2014

Eight Great Places for Stargazing in Colorado

DENVER, Oct. 25, 2012 /PRNewswire/ -- With fall in full swing in Colorado, it's the perfect time for stargazing. The Colorado Tourism Office highlights eight of the best spots for stargazing in the state.  For a free copy of the 2012 Official State Visitors Guide, visit www.colorado.com.

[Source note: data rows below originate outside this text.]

(* For all positive integers $\Delta$ and positive reals $\nu$ there is $c$ such that if $p\ge c(\log n/n)^{1/\Delta}$, the following holds a.a.s. for $\Gamma=G(n,p)$ on vertex set $V$. Let $X$ be any subset of $V$ and $\mathcal{F}$ any family of pairwise disjoint $\Delta$-sets in $V\setminus X$. If $\nu n\le|X|\le|\mathcal{F}|\le n$, then $\mathrm{stars}_\Gamma(X,\mathcal{F})\le 7p^\Delta|X||\mathcal{F}|$.
   Context: $G(n,p)$ is the random graph on $[n]$ with edges present independently with probability $p$; a.a.s. means with probability tending to $1$ as $n\to\infty$ (simultaneously for all such $X,\mathcal{F}$). For a graph $G$, a vertex set $X$ and a family $\mathcal{F}$ of pairwise disjoint $\ell$-sets outside $X$, $\mathrm{stars}_G(X,\mathcal{F})$ is the number of pairs $(x,F)$ with $x\in X$, $F\in\mathcal{F}$ and $F\subseteq N_G(x)$. *)

From HB Require Import structures.
From mathcomp Require Import all_boot all_order all_algebra.
From mathcomp Require Import all_classical all_reals all_analysis.
Set Implicit Arguments. Unset Strict Implicit. Unset Printing Implicit Defensive.
Import Order.TTheory GRing.Theory Num.Theory.
Local Open Scope ring_scope.

(* A simple graph on [n] = 'I_n is a set of 2-element vertex sets (its edges). *)
Definition pairs (n : nat) : {set {set 'I_n}} := [set e : {set 'I_n} | #|e| == 2%N].

Definition gnp_prob {R : realType} (n : nat) (p : R) (P : pred {set {set 'I_n}}) : R :=
  \sum_(E : {set {set 'I_n}} | (E \subset pairs n) && P E)
     p ^+ #|E| * (1 - p) ^+ (#|pairs n| - #|E|).

Definition nbhd (n : nat) (E : {set {set 'I_n}}) (x : 'I_n) : {set 'I_n} :=
  [set y | [set x; y] \in E].

Definition stars (n : nat) (E : {set {set 'I_n}}) (X : {set 'I_n})
    (F : {set {set 'I_n}}) : nat :=
  #|[set xf : 'I_n * {set 'I_n} | [&& xf.1 \in X, xf.2 \in F & xf.2 \subset nbhd E xf.1]]|.

Definition stars_event {R : realType} (Delta : nat) (nu p : R) (n : nat)
    (E : {set {set 'I_n}}) : bool :=
  [forall X : {set 'I_n}, forall F : {set {set 'I_n}},
    ([forall f in F, #|f| == Delta]
     && [forall f in F, [disjoint f & X]]
     && [forall f in F, forall g in F, (f != g) ==> [disjoint f & g]]
     && (nu * n%:R <= #|X|%:R) && (#|X| <= #|F|)%N && (#|F| <= n)%N)
    ==> ((stars E X F)%:R <= 7 * p ^+ Delta * #|X|%:R * #|F|%:R)].

(* A violation of the event is witnessed by admissible [(X, F)] together with
   a set [K] of exactly [k = floor(7 p^Delta |X| |F|) + 1] stars.  Since the sets
   of [F] are pairwise disjoint and avoid [X], the stars of [K] use [Delta |K|]
   distinct edges, so [K] is present with probability [p^(Delta k)].  A union
   bound over the [C(|X| |F|, k)] choices of [K] gives at most
   [(e |X| |F| p^Delta / k)^k <= (e/7)^k <= e^(-k/3)], and the density of [p]
   makes [k >= 3 (Delta + 3) n ln n], i.e. [e^(-k/3) <= n^-((Delta + 3) n)].
   There are at most [n^((Delta + 2) n)] admissible pairs [(X, F)], so the
   event fails with probability at most [n^-n]. *)

From HB Require Import structures.
From mathcomp Require Import all_boot all_order all_algebra.
From mathcomp Require Import all_classical all_reals all_analysis.
From mathcomp Require Import ring lra zify.
Set Implicit Arguments. Unset Strict Implicit. Unset Printing Implicit Defensive.
Import Order.TTheory GRing.Theory Num.Theory.
Local Open Scope ring_scope.

Section GnpProbability.
Variables (R : realType) (n : nat) (p : R).
Local Notation graph := {set {set 'I_n}}.
Local Notation prob := (@gnp_prob R n p).

Definition gnp_weight (E : graph) : R :=
  p ^+ #|E| * (1 - p) ^+ (#|pairs n| - #|E|).

Lemma gnp_probE (P : pred graph) :
  prob P = \sum_(E : graph | E \subset pairs n) gnp_weight E * (P E)%:R.
Proof.
rewrite /gnp_prob big_mkcondr /=; apply: eq_bigr => E _.
by case: (P E); rewrite ?mulr1 ?mulr0.
Qed.

(* Expand [p^|A| = prod_e (h e true + h e false)] over all edge sets [J] by
   [bigA_distr]: the product for [J] is the weight of [J] if [A <= J <= pairs n]
   and [0] otherwise. *)
Lemma gnp_prob_supset (A : graph) : A \subset pairs n ->
  prob (fun E => A \subset E) = p ^+ #|A|.
Proof.
move=> sAP.
pose h (e : {set 'I_n}) (b : bool) : R :=
  if b then (if e \in pairs n then p else 0)
  else if e \in A then 0 else if e \in pairs n then 1 - p else 1.
have -> : p ^+ #|A| = \prod_e (h e true + h e false).
  rewrite -prodr_const (big_mkcond (mem A)) /=; apply: eq_bigr => e _; rewrite /h.
  case: (boolP (e \in A)) => eA; first by rewrite (fintype.subsetP sAP _ eA) addr0.
  by case: (e \in pairs n); rewrite ?add0r // addrC subrK.
rewrite bigA_distr /gnp_prob big_mkcond /=; apply: eq_bigr => J _.
case: ifP => [/andP[sJP sAJ]|/negbT].
  rewrite (bigID (mem J)) /= (eq_bigr (fun _ => p)); last first.
    by move=> e eJ; rewrite eJ /h (fintype.subsetP sJP _ eJ).
  rewrite prodr_const (eq_bigr (fun e => if e \in pairs n :\: J then 1 - p else 1)); last first.
    move=> e eJ; rewrite (negbTE eJ) /h finset.in_setD eJ /=.
    by case: ifP => // eA; rewrite (fintype.subsetP sAJ _ eA) in eJ.
  rewrite -big_mkcondr (eq_bigl (fun e => e \in pairs n :\: J)); last first.
    by move=> e; rewrite finset.in_setD; case: (e \in J).
  by rewrite prodr_const cardsD (finset.setIidPr sJP).
rewrite negb_and => /orP[/fintype.subsetPn[e eJ eP]|/fintype.subsetPn[e eA eJ]].
  by rewrite (bigD1 e) //= eJ /h (negbTE eP) mul0r.
by rewrite (bigD1 e) //= (negbTE eJ) /h eA mul0r.
Qed.

Lemma gnp_probT : prob predT = 1.
Proof.
rewrite -(expr0 p) -(cards0 {set 'I_n}) -gnp_prob_supset ?finset.sub0set //.
by apply: eq_bigl => E; rewrite finset.sub0set.
Qed.

Lemma gnp_probC (P : pred graph) : prob P = 1 - prob (predC P).
Proof.
apply/eqP; rewrite eq_sym subr_eq -gnp_probT !gnp_probE -big_split /=.
by apply/eqP/eq_bigr => E _; case: (P E); rewrite /= ?mulr0 ?mulr1 ?addr0 ?add0r.
Qed.

Hypotheses (p_ge0 : 0 <= p) (p_le1 : p <= 1).

Lemma gnp_weight_ge0 (E : graph) : 0 <= gnp_weight E.
Proof. by rewrite /gnp_weight mulr_ge0 // exprn_ge0 // subr_ge0. Qed.

Lemma le_gnp_prob (P Q : pred graph) : (forall E, P E -> Q E) -> prob P <= prob Q.
Proof.
move=> PQ; rewrite !gnp_probE; apply: ler_sum => E _.
rewrite ler_wpM2l ?gnp_weight_ge0 //.
by case: (boolP (P E)) => [/PQ -> //|_]; rewrite ler_nat.
Qed.

Lemma gnp_prob_exists_le (I : finType) (P : pred I) (Q : I -> pred graph) :
  prob (fun E => [exists i, P i && Q i E]) <= \sum_(i | P i) prob (Q i).
Proof.
under [X in _ <= X]eq_bigr do rewrite gnp_probE.
rewrite gnp_probE exchange_big /=; apply: ler_sum => E _.
rewrite -mulr_sumr ler_wpM2l ?gnp_weight_ge0 //.
case: existsP => [[i /andP[Pi Qi]]|_]; last by rewrite sumr_ge0.
by rewrite (bigD1 i) //= Qi lerDl sumr_ge0.
Qed.

End GnpProbability.

Lemma leq_exp2rW (m k e : nat) : (m <= k)%N -> (m ^ e <= k ^ e)%N.
Proof. by move=> mk; elim: e => // e IH; rewrite !expnS leq_mul. Qed.

Lemma ffact_leq_expn (m k : nat) : (m ^_ k <= m ^ k)%N.
Proof.
rewrite ffact_prod -[X in (_ <= _ ^ X)%N](card_ord k) -prod_nat_const.
by apply: leq_prod => i _; rewrite leq_subr.
Qed.

Lemma bin_leq_expn (m k : nat) : ('C(m, k) <= m ^ k)%N.
Proof.
apply: leq_trans (ffact_leq_expn m k).
by rewrite -bin_ffact leq_pmulr ?fact_gt0.
Qed.

Section ExpBounds.
Variable R : realType.

Lemma expR_le_inv1B (x : R) : x < 1 -> expR x <= (1 - x)^-1.
Proof.
move=> x_lt1; rewrite -[leLHS]invrK lef_pV2 ?posrE ?invr_gt0 ?expR_gt0 ?subr_gt0 //.
by rewrite -expRN; exact: expR_ge1Dx.
Qed.

Lemma expR1_div7_le : expR 1 / 7 <= expR (- 3^-1 : R).
Proof.
have e13 : expR (3^-1 : R) <= 3 / 2.
  have -> : 3 / 2 = (1 - 3^-1 : R)^-1 by field.
  by apply: expR_le_inv1B; lra.
have e43 : expR (4 / 3 : R) <= 7.
  rewrite expRM_natl.
  apply: le_trans (_ : (3 / 2) ^+ 4 <= 7); last lra.
  by rewrite lerXn2r ?nnegrE ?expR_ge0.
rewrite (_ : expR 1 = expR (4 / 3) * expR (- 3^-1)); last first.
  by rewrite -expRD; congr expR; lra.
by rewrite ler_pdivrMr // [leRHS]mulrC ler_pM2r ?expR_gt0.
Qed.

(* [C(N, k) q^k <= (N q)^k / k! <= (k/7)^k / k! <= (e/7)^k], as [k^k / k! <= e^k]. *)
Lemma bin_exprn_le_expR (N k : nat) (q : R) : 0 <= q -> (0 < k)%N ->
  7 * (N%:R * q) <= k%:R -> 'C(N, k)%:R * q ^+ k <= expR (- (k%:R / 3)).
Proof.
move=> q_ge0 k_gt0 Nq_le.
have fact_gt0 : 0 < k`!%:R :> R by rewrite ltr0n fact_gt0.
have kk_fact : k%:R ^+ k / k`!%:R <= expR k%:R :> R.
  case: k k_gt0 {Nq_le} fact_gt0 => // k _ fact_gt0.
  by apply: le_trans (expR_ge1Dxn k (ler0n _ _)); rewrite lerDr.
have bin_fact : 'C(N, k)%:R * k`!%:R <= N%:R ^+ k :> R.
  by rewrite -natrM bin_ffact -natrX ler_nat ffact_leq_expn.
have Nq_pow : (N%:R * q) ^+ k <= (k%:R / 7) ^+ k.
  by rewrite lerXn2r ?nnegrE ?mulr_ge0 ?divr_ge0 // ler_pdivlMr // mulrC.
have -> : expR (- (k%:R / 3)) = expR (- 3^-1 : R) ^+ k.
  by rewrite -expRM_natl; congr expR; lra.
apply: le_trans (_ : (expR 1 / 7) ^+ k <= _); last first.
  by rewrite lerXn2r ?nnegrE ?divr_ge0 ?expR_ge0 ?expR1_div7_le.
rewrite expr_div_n -expRM_natl mulr1.
apply: le_trans (_ : (N%:R * q) ^+ k / k`!%:R <= _).
  rewrite ler_pdivlMr // mulrAC exprMn ler_wpM2r ?exprn_ge0 //.
apply: le_trans (_ : (k%:R / 7) ^+ k / k`!%:R <= _).
  by rewrite ler_pM2r ?invr_gt0.
by rewrite expr_div_n mulrAC ler_wpM2r ?invr_ge0 ?exprn_ge0.
Qed.

Lemma powR_inv_ler_exprn (D : nat) (c x p : R) :
  (0 < D)%N -> 1 <= c -> 0 <= x -> c * powR x D%:R^-1 <= p -> c * x <= p ^+ D.
Proof.
move=> D_gt0 c_ge1 x_ge0 le_p.
set y := powR x D%:R^-1.
have yD : y ^+ D = x.
  by rewrite /y -powR_mulrn ?powR_ge0 // -powRrM mulVf ?powRr1 // pnatr_eq0 -lt0n.
have cy_ge0 : 0 <= c * y by rewrite mulr_ge0 ?powR_ge0 // (le_trans ler01 c_ge1).
apply: le_trans (_ : c ^+ D * x <= _).
  by rewrite ler_wpM2r // ler_eXnr.
by rewrite -yD -exprMn lerXn2r ?nnegrE // (le_trans cy_ge0 le_p).
Qed.

End ExpBounds.

Definition star_set (n : nat) (E : {set {set 'I_n}}) (X : {set 'I_n})
    (F : {set {set 'I_n}}) : {set 'I_n * {set 'I_n}} :=
  [set xf | [&& xf.1 \in X, xf.2 \in F & xf.2 \subset nbhd E xf.1]].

  • Chimney Rock National Monument (www.chimneyrockco.org) is the country's newest National Monument and one of the best stargazing destinations in the west, with 5,000+ acres of high desert terrain. The U.S. Forest Service offers complimentary Night-Sky Archaeo-Astronomy Programs. 
  • Red Rocks Park & Amphitheater (www.redrocksonline.com) is used to seeing stars: U2, Dave Matthews Band, Coldplay are a few of the acts who have performed at this spectacular natural, open-air amphitheater. The wide, terraced stairs of the amphitheater makes it an ideal location to spend an evening stargazing.
  • Black Canyon of the Gunnison National Park (www.nps.gov/blca) in southwest Colorado offers numerous opportunities to turn one's eyes heavenward and channel one's inner Galileo. Ranger-guided stargazing programs are offered throughout the year.
  • The UFO Watchtower (www.ufowatchtower.com) in Alamosa boasts miniscule light pollution and is an ideal stargazing site.  Local legend has it that the San Luis Valley is an extraterrestrial hotbed, with dozens of UFO sightings rumored to have occurred in the area.
  • The OPUS Hut (www.opushut.com), surrounded by 13,000-foot mountain peaks, is an incredible backcountry respite. At an altitude of 11,800 feet, visitors feel as though they can reach out and touch the stars. Rates, which include dinner and breakfast, are $70/night.
  • Rocky Mountain National Park (www.nps.gov/romo) and Estes Park offer several unbeatable stargazing areas. The Rocky Mountain Nature Association (www.rmna.org) offers Trek Adventures at Dusk, a custom educational experience specifically for children and led by a local naturalist, is available via a snowshoe or bus tour.
  • Horsetooth Reservoir (www.horsetoothreservoir.com) near Fort Collins, so-called because of a bizarre rock formation that resembles a horse's tooth, offers an uninterrupted view of sparkling night skies. A short hike to Horsetooth Rock boasts a view of Fort Collins on one side and rugged mountains framed by Horsetooth Reservoir and the night sky on the other.
  • Gunnison Valley Observatory (www.gunnisonobservatory.org) is the largest public telescope in Colorado. At an elevation of 7,703 feet and with virtually non-existent air and light pollution, Gunnison boasts near-perfect stargazing conditions.